Merrill Lynch and Bank of America Sued for Alleged Labor Violations, According to Fitapelli & Schaffer, LLP
NEW YORK, Jan. 13 /PRNewswire/ — A new lawsuit alleges that Merrill Lynch and Bank of America (NYSE: BAC) violated the federal Fair Labor Standards Act (FLSA) by failing to pay overtime to back office employees who facilitate transactions of the company’s derivatives products, according to Fitapelli & Schaffer, LLP.
Andrea Levine, of Staten Island, N.Y., and Ivey Moore, of Mount Vernon, N.Y., both of whom are employed as Derivatives Settlement Specialists, filed suit Monday in New York federal court.
The lawsuit alleges that the plaintiffs and other Merrill Lynch Derivatives Settlement Specialists have been “blatantly misclassified as ‘exempt'” and “regularly worked in excess of 40 hours per week and were not paid time and one half for any and all hours over 40 in a given week.”

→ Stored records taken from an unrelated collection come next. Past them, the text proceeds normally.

(* Let $(X,d)$ be a compact metric space and let $f:X\to X$ be a continuous map. Then there is no closed set $J\subseteq CR_f$ such that the poset $(J/E,\preceq)$ is linearly and densely ordered. In particular, the chain components poset $(\mathfrak{C}_f,\preceq)$ is not linearly and densely ordered.
   Context: Let $(X,d)$ be a metric space and $f:X\to X$ a map. For $\varepsilon>0$ and $x,y\in X$, an $\varepsilon$-chain from $x$ to $y$ is a finite sequence $x_0=x,x_1,\dots,x_n=y$ with $n\ge 1$ and $d(f(x_i),x_{i+1})<\varepsilon$ for $i=0,\dots,n-1$. Write $x\,\mathcal{C}\,y$ if for every $\varepsilon>0$ there is an $\varepsilon$-chain from $x$ to $y$. The chain recurrent set is $CR_f=\{x\in X: x\,\mathcal{C}\,x\}$. On $CR_f$ define the equivalence relation $x\,E\,y$ iff $x\,\mathcal{C}\,y$ and $y\,\mathcal{C}\,x$; the equivalence classes are the chain components, and $\mathfrak{C}_f=CR_f/E$. The partial order on chain components is $[x]\preceq[y]$ iff $y\,\mathcal{C}\,x$; $(\mathfrak{C}_f,\preceq)$ is the chain components poset. For $J\subseteq CR_f$, $J/E$ denotes the set of $E$-classes of points of $J$ (i.e. $E$ restricted to $J$), ordered by the same rule $[x]\preceq[y]$ iff $y\,\mathcal{C}\,x$. A poset is densely ordered if it has at least two elements and for every $a<b$ there is $c$ with $a<c<b$ (so a densely ordered poset is infinite). *)

From HB Require Import structures.
From mathcomp Require Import all_boot all_order all_algebra.
From mathcomp Require Import all_classical all_reals topology.
Set Implicit Arguments. Unset Strict Implicit. Unset Printing Implicit Defensive.
Import Order.TTheory GRing.Theory Num.Theory.
Local Open Scope classical_set_scope.
Local Open Scope ring_scope.

Section ChainDefs.
Context {R : realType} {X : metricType R}.

Definition eps_chain (f : X -> X) (eps : R) (x y : X) : Prop :=
  exists (n : nat) (s : nat -> X), (1 <= n)%N /\ s 0%N = x /\ s n = y /\
    forall i : nat, (i < n)%N -> mdist (f (s i)) (s i.+1) < eps.

Definition chain_rel (f : X -> X) (x y : X) : Prop :=
  forall eps : R, 0 < eps -> eps_chain f eps x y.

Definition CR (f : X -> X) : set X := [set x | chain_rel f x x].

Definition chainE (f : X -> X) (x y : X) : Prop := chain_rel f x y /\ chain_rel f y x.

(* order on classes, via representatives: [x] <= [y] iff y C x *)
Definition cle (f : X -> X) (x y : X) : Prop := chain_rel f y x.
Definition clt (f : X -> X) (x y : X) : Prop := cle f x y /\ ~ chainE f x y.

Definition quot_lin_dense (f : X -> X) (J : set X) : Prop :=
  (* at least two elements (two distinct classes) *)
  (exists x y, J x /\ J y /\ ~ chainE f x y) /\
  (forall x y, J x -> J y -> cle f x y \/ cle f y x) /\
  (forall x y, J x -> J y -> clt f x y ->
     exists z, J z /\ clt f x z /\ clt f z y).

End ChainDefs.

(* If J/E has two classes, there are x, y in J with not x C y, hence an eps with no
   eps-chain from x to y.  As the points of J are chain recurrent, J splits into the
   two closed pieces U (points eps-reachable from x) and V (the others).  By
   compactness and linearity U has a largest class [u] and V a smallest class [v];
   then [u] < [v] and no class of J lies strictly between them. *)
From HB Require Import structures.
From mathcomp Require Import all_boot all_order all_algebra.
From mathcomp Require Import all_classical all_reals topology.
From mathcomp Require Import lra.
Import Order.TTheory GRing.Theory Num.Theory.
Import metricType_numDomainType.
Local Open Scope classical_set_scope.
Local Open Scope ring_scope.

Lemma compact_preorder_max {T : topologicalType} {K : set T} {r : T -> T -> Prop} :
  compact K -> K !=set0 ->
  (forall a, K a -> r a a) ->
  (forall a b c, r a b -> r b c -> r a c) ->
  (forall a b, K a -> K b -> r a b \/ r b a) ->
  (forall a, closed [set b | r a b]) ->
  exists2 p, K p & forall a, K a -> r a p.
Proof.
move=> cK [a0 Ka0] refl trans total clr.
pose up a := K `&` [set b | r a b].
have F_filter : Filter (filter_from K up).
  apply: filter_from_filter; first by exists a0.
  move=> a b Ka Kb; have [rab|rba] := total a b Ka Kb.
    by exists b => // c [Kc rbc]; split; split => //; apply: trans rbc.
  by exists a => // c [Kc rac]; split; split => //; apply: trans rac.
have F_proper : ProperFilter (filter_from K up).
  by apply: filter_from_proper => a Ka; exists a; split => //; apply: refl.
have F_K : filter_from K up K by exists a0 => // b [].
have [p [Kp clp]] := cK _ F_proper F_K.
exists p => // a Ka; apply: (clr a); apply: (closureS (@subIsetr _ K _)).
by move: clp; rewrite clusterE; apply; exists a.
Qed.

Section MetricClosure.
Context {R : realType} {X : metricType R}.

Lemma closure_mdist {A : set X} {x} :
  closure A x -> forall d, 0 < d -> exists2 y, A y & mdist x y < d.
Proof.
move=> cx d d0; have [y [Ay]] := cx (ball x d) (nbhsx_ballx _ _ d0).
by rewrite ballEmdist; exists y.
Qed.

End MetricClosure.

Section EpsChains.
Context {R : realType} {X : metricType R} {f : X -> X}.

Lemma eps_chain_le {e1 e2 : R} {x y} :
  eps_chain f e1 x y -> e1 <= e2 -> eps_chain f e2 x y.
Proof.
move=> [n [s [n1 [s0 [sn hs]]]]] le12; exists n, s; do 3 (split => //).
by move=> i /hs /lt_le_trans; apply.
Qed.

Lemma eps_chain_trans {e : R} {x y z} :
  eps_chain f e x y -> eps_chain f e y z -> eps_chain f e x z.
Proof.
move=> [n [s [n1 [s0 [sn hs]]]]] [m [t [m1 [t0 [tm ht]]]]].
pose st i := if (i <= n)%N then s i else t (i - n)%N.
have stE i : (n <= i)%N -> st i = t (i - n)%N.
  rewrite /st; case: ifP => // iln ni.
  have -> : i = n by apply/eqP; rewrite eqn_leq iln.
  by rewrite subnn t0 sn.
exists (n + m)%N, st; split; first by rewrite (leq_trans n1) // leq_addr.
split; first by rewrite /st leq0n.
split; first by rewrite stE ?leq_addr // addKn.
move=> i ilt; have [iln|nli] := ltnP i n.
  by rewrite /st (ltnW iln) iln; apply: hs.
rewrite !stE ?(leq_trans nli) // subSn //.
by apply: ht; rewrite ltn_subLR // addnC.
Qed.

Lemma chain_rel_trans {x y z} :
  chain_rel f x y -> chain_rel f y z -> chain_rel f x z.
Proof. by move=> cxy cyz e e0; apply: eps_chain_trans (cxy e e0) (cyz e e0). Qed.

Lemma eps_chain_perturb x y {e : R} {x' y'} : eps_chain f e x' y' ->
  eps_chain f (mdist (f x) (f x') + e + mdist y' y) x y.
Proof.
move=> [n [s [n1 [<- [<- hs]]]]].
pose s' i := if i == 0%N then x else if i == n then y else s i.
have n0 : (n == 0%N) = false by case: n n1 {hs s'}.
exists n, s'; split => //; split; first by rewrite /s' eqxx.
split; first by rewrite /s' n0 eqxx.
move=> i ilt.
have head : mdist (f (s' i)) (f (s i)) <= mdist (f x) (f (s 0%N)).
  rewrite /s'; case: eqP => [->|_] //.
  by rewrite (ltn_eqF ilt) mdistxx mdist_ge0.
have tail : mdist (s i.+1) (s' i.+1) <= mdist (s n) y.
  by rewrite /s' /=; case: eqP => [<-|_] //; rewrite mdistxx mdist_ge0.
apply: le_lt_trans (metric_triangle _ (f (s i)) _) _; rewrite -addrA.
apply: ler_ltD head _; apply: le_lt_trans (metric_triangle _ (s i.+1) _) _.
exact: ltr_leD (hs i ilt) tail.
Qed.

Lemma CR_eps_chain {e : R} {z w} :
  CR f z -> mdist z w < e / 2 -> eps_chain f e z w.
Proof.
move=> CRz zw; have e0 : 0 < e / 2 by apply: le_lt_trans zw; apply: mdist_ge0.
apply: (eps_chain_le (eps_chain_perturb z w (CRz _ e0))).
rewrite mdistxx add0r; lra.
Qed.

End EpsChains.

Section ContinuousMap.
Context {R : realType} {X : metricType R} (f : X -> X).
Hypothesis f_cont : continuous f.

Lemma chain_rel_approx x y :
  (forall d, 0 < d ->
     exists x' y', [/\ mdist x x' < d, mdist y y' < d & chain_rel f x' y']) ->
  chain_rel f x y.
Proof.
move=> approx e e0; have e3 : 0 < e / 3 by rewrite divr_gt0.
have [d d0 fx_near] := (nbhs_mdistP _ _).1 (cvgr_dist_lt (f_cont x) e3).
have d3 : 0 < Num.min d (e / 3) by rewrite lt_min d0 e3.
have [x' [y' [xx' yy' cx'y']]] := approx _ d3.
apply: (eps_chain_le (eps_chain_perturb x y (cx'y' _ e3))).
move: xx' yy'; rewrite !lt_min (metric_sym y) => /andP[xx' _] /andP[_ yy'].
have := fx_near x' xx'; rewrite /=; lra.
Qed.

Lemma closed_chain_rel_from z : closed [set w | chain_rel f z w].
Proof.
move=> w /closure_mdist cw; apply: chain_rel_approx => d d0.
by have [w' zw' ww'] := cw d d0; exists z, w'; rewrite mdistxx.
Qed.

Lemma closed_chain_rel_to z : closed [set w | chain_rel f w z].
Proof.
move=> w /closure_mdist cw; apply: chain_rel_approx => d d0.
by have [w' w'z ww'] := cw d d0; exists w', z; rewrite mdistxx.
Qed.

Lemma closed_CR : closed (CR f).
Proof.
move=> w /closure_mdist cw; apply: chain_rel_approx => d d0.
by have [w' CRw' ww'] := cw d d0; exists w', w'.
Qed.

End ContinuousMap.

Section ChainRecurrentSubset.
Context {R : realType} {X : metricType R} {f : X -> X} {J : set X}.
Hypotheses (J_closed : closed J) (J_CR : J `<=` CR f).

Lemma closed_eps_reachable {e : R} x :
  0 < e -> closed (J `&` [set z | eps_chain f e x z]).
Proof.
move=> e0 z clz.
have Jz : J z by apply: J_closed; move: clz; apply: closureS; apply: subIsetl.
have [w [Jw /= xw] zw] := closure_mdist clz _ (divr_gt0 e0 (ltr0n _ 2)).
split => //=; apply: eps_chain_trans xw (CR_eps_chain (J_CR _ Jw) _).
by rewrite metric_sym.
Qed.

Lemma closed_eps_unreachable {e : R} x :
  0 < e -> closed (J `&` ~` [set z | eps_chain f e x z]).
Proof.
move=> e0 z clz.
have Jz : J z by apply: J_closed; move: clz; apply: closureS; apply: subIsetl.
have [w [Jw nxw] zw] := closure_mdist clz _ (divr_gt0 e0 (ltr0n _ 2)).
by split => // xz; apply/nxw/(eps_chain_trans xz)/(CR_eps_chain (J_CR _ Jz)).
Qed.

Hypotheses (X_compact : compact [set: X]) (f_cont : continuous f).
Hypothesis J_total : forall a b, J a -> J b -> cle f a b \/ cle f b a.

Lemma chain_classes_gap {x y} : J x -> J y -> ~ chain_rel f x y ->
  exists u v, [/\ J u, J v, clt f u v & forall z, J z -> clt f u z -> ~ clt f z v].
Proof.
move=> Jx Jy nxy.
have [e e0 nexy] : exists2 e, 0 < e & ~ eps_chain f e x y.
  by move/existsNP: nxy => [e /not_implyP[e0 nexy]]; exists e.
pose U := J `&` [set z | eps_chain f e x z].
pose V := J `&` ~` [set z | eps_chain f e x z].
have compact_closed_subset (A : set X) : closed A -> compact A.
  by move=> A_closed; apply: subclosed_compact A_closed X_compact _.
have [u Uu u_max] : exists2 u, U u & forall z, U z -> cle f z u.
  apply: (compact_preorder_max
    (compact_closed_subset _ (closed_eps_reachable x e0))).
  - by exists x; split => //; apply: J_CR.
  - by move=> a [/J_CR].
  - by move=> a b c ab bc; apply: chain_rel_trans bc ab.
  - by move=> a b [Ja _] [Jb _]; apply: J_total.
  - exact: closed_chain_rel_to.
have [v Vv v_min] : exists2 v, V v & forall z, V z -> cle f v z.
  apply: (compact_preorder_max (r := fun a b => cle f b a)
    (compact_closed_subset _ (closed_eps_unreachable x e0))).
  - by exists y.
  - by move=> a [/J_CR].
  - by move=> a b c; apply: chain_rel_trans.
  - by move=> a b [Ja _] [Jb _]; apply: J_total.
  - exact: closed_chain_rel_from.
have nuv : ~ chain_rel f u v.
  by move=> uv; apply: Vv.2; apply: eps_chain_trans Uu.2 (uv e e0).
exists u, v; split; [exact: Uu.1 | exact: Vv.1 | split | ].
- by have [|/nuv] := J_total _ _ Uu.1 Vv.1.
- by case.
move=> z Jz [zu nEuz] [vz nEzv].
have [xz|nxz] := pselect (eps_chain f e x z).
  by apply: nEuz; split => //; apply: u_max.
by apply: nEzv; split => //; apply: v_min.
Qed.

End ChainRecurrentSubset.

Theorem theorem2p1 (R : realType) (X : metricType R) (f : X -> X) :
  compact [set: X] -> continuous f ->
  (forall J : set X, closed J -> J `<=` CR f -> ~ quot_lin_dense f J) /\
  ~ quot_lin_dense f (CR f).
Proof.
move=> X_compact f_cont.
have no_lin_dense J : closed J -> J `<=` CR f -> ~ quot_lin_dense f J.
  move=> J_closed J_CR [[a [b [Ja [Jb nEab]]]] [J_total J_dense]].
  have [x [y [Jx Jy nxy]]] : exists x y, [/\ J x, J y & ~ chain_rel f x y].
    have [ab|nab] := pselect (chain_rel f a b); last by exists a, b.
    by exists b, a; split => // ba; apply: nEab.
  have [u [v [Ju Jv uv gap]]] :=
    chain_classes_gap J_closed J_CR X_compact f_cont J_total Jx Jy nxy.
  have [z [Jz [uz zv]]] := J_dense u v Ju Jv uv.
  exact: gap z Jz uz zv.
by split => //; apply: no_lin_dense => //; apply: closed_CR.
Qed.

Attorney Brian Schaffer, who represents the workers, said he will seek to have the lawsuit certified as a collective action in order to recover unpaid wages, liquidated damages, attorneys’ fees, costs and interest for current and former Merrill Lynch Derivatives Settlement Specialists who elect to opt-in to the legal action and who have been employed by Merrill Lynch at any time within the past three years.
“We allege that Merrill Lynch egregiously violated federal wage and overtime laws,” Mr. Schaffer said. “Many salaried employees work over 40 hours in a week, but are unaware they are entitled to premium overtime pay. Companies must be held accountable for taking advantage of these salaried employees.”
The defendants are Merrill Lynch & Co. Inc., and Bank of America, which completed its purchase of Merrill Lynch on Jan. 1, thus creating the largest wealth management business in the world.
The case is “Andrea Levine and Ivey Moore, et al., v. Merrill Lynch, et al.,” (U.S. District Court, Southern District of New York, Case No. 09 cv 304).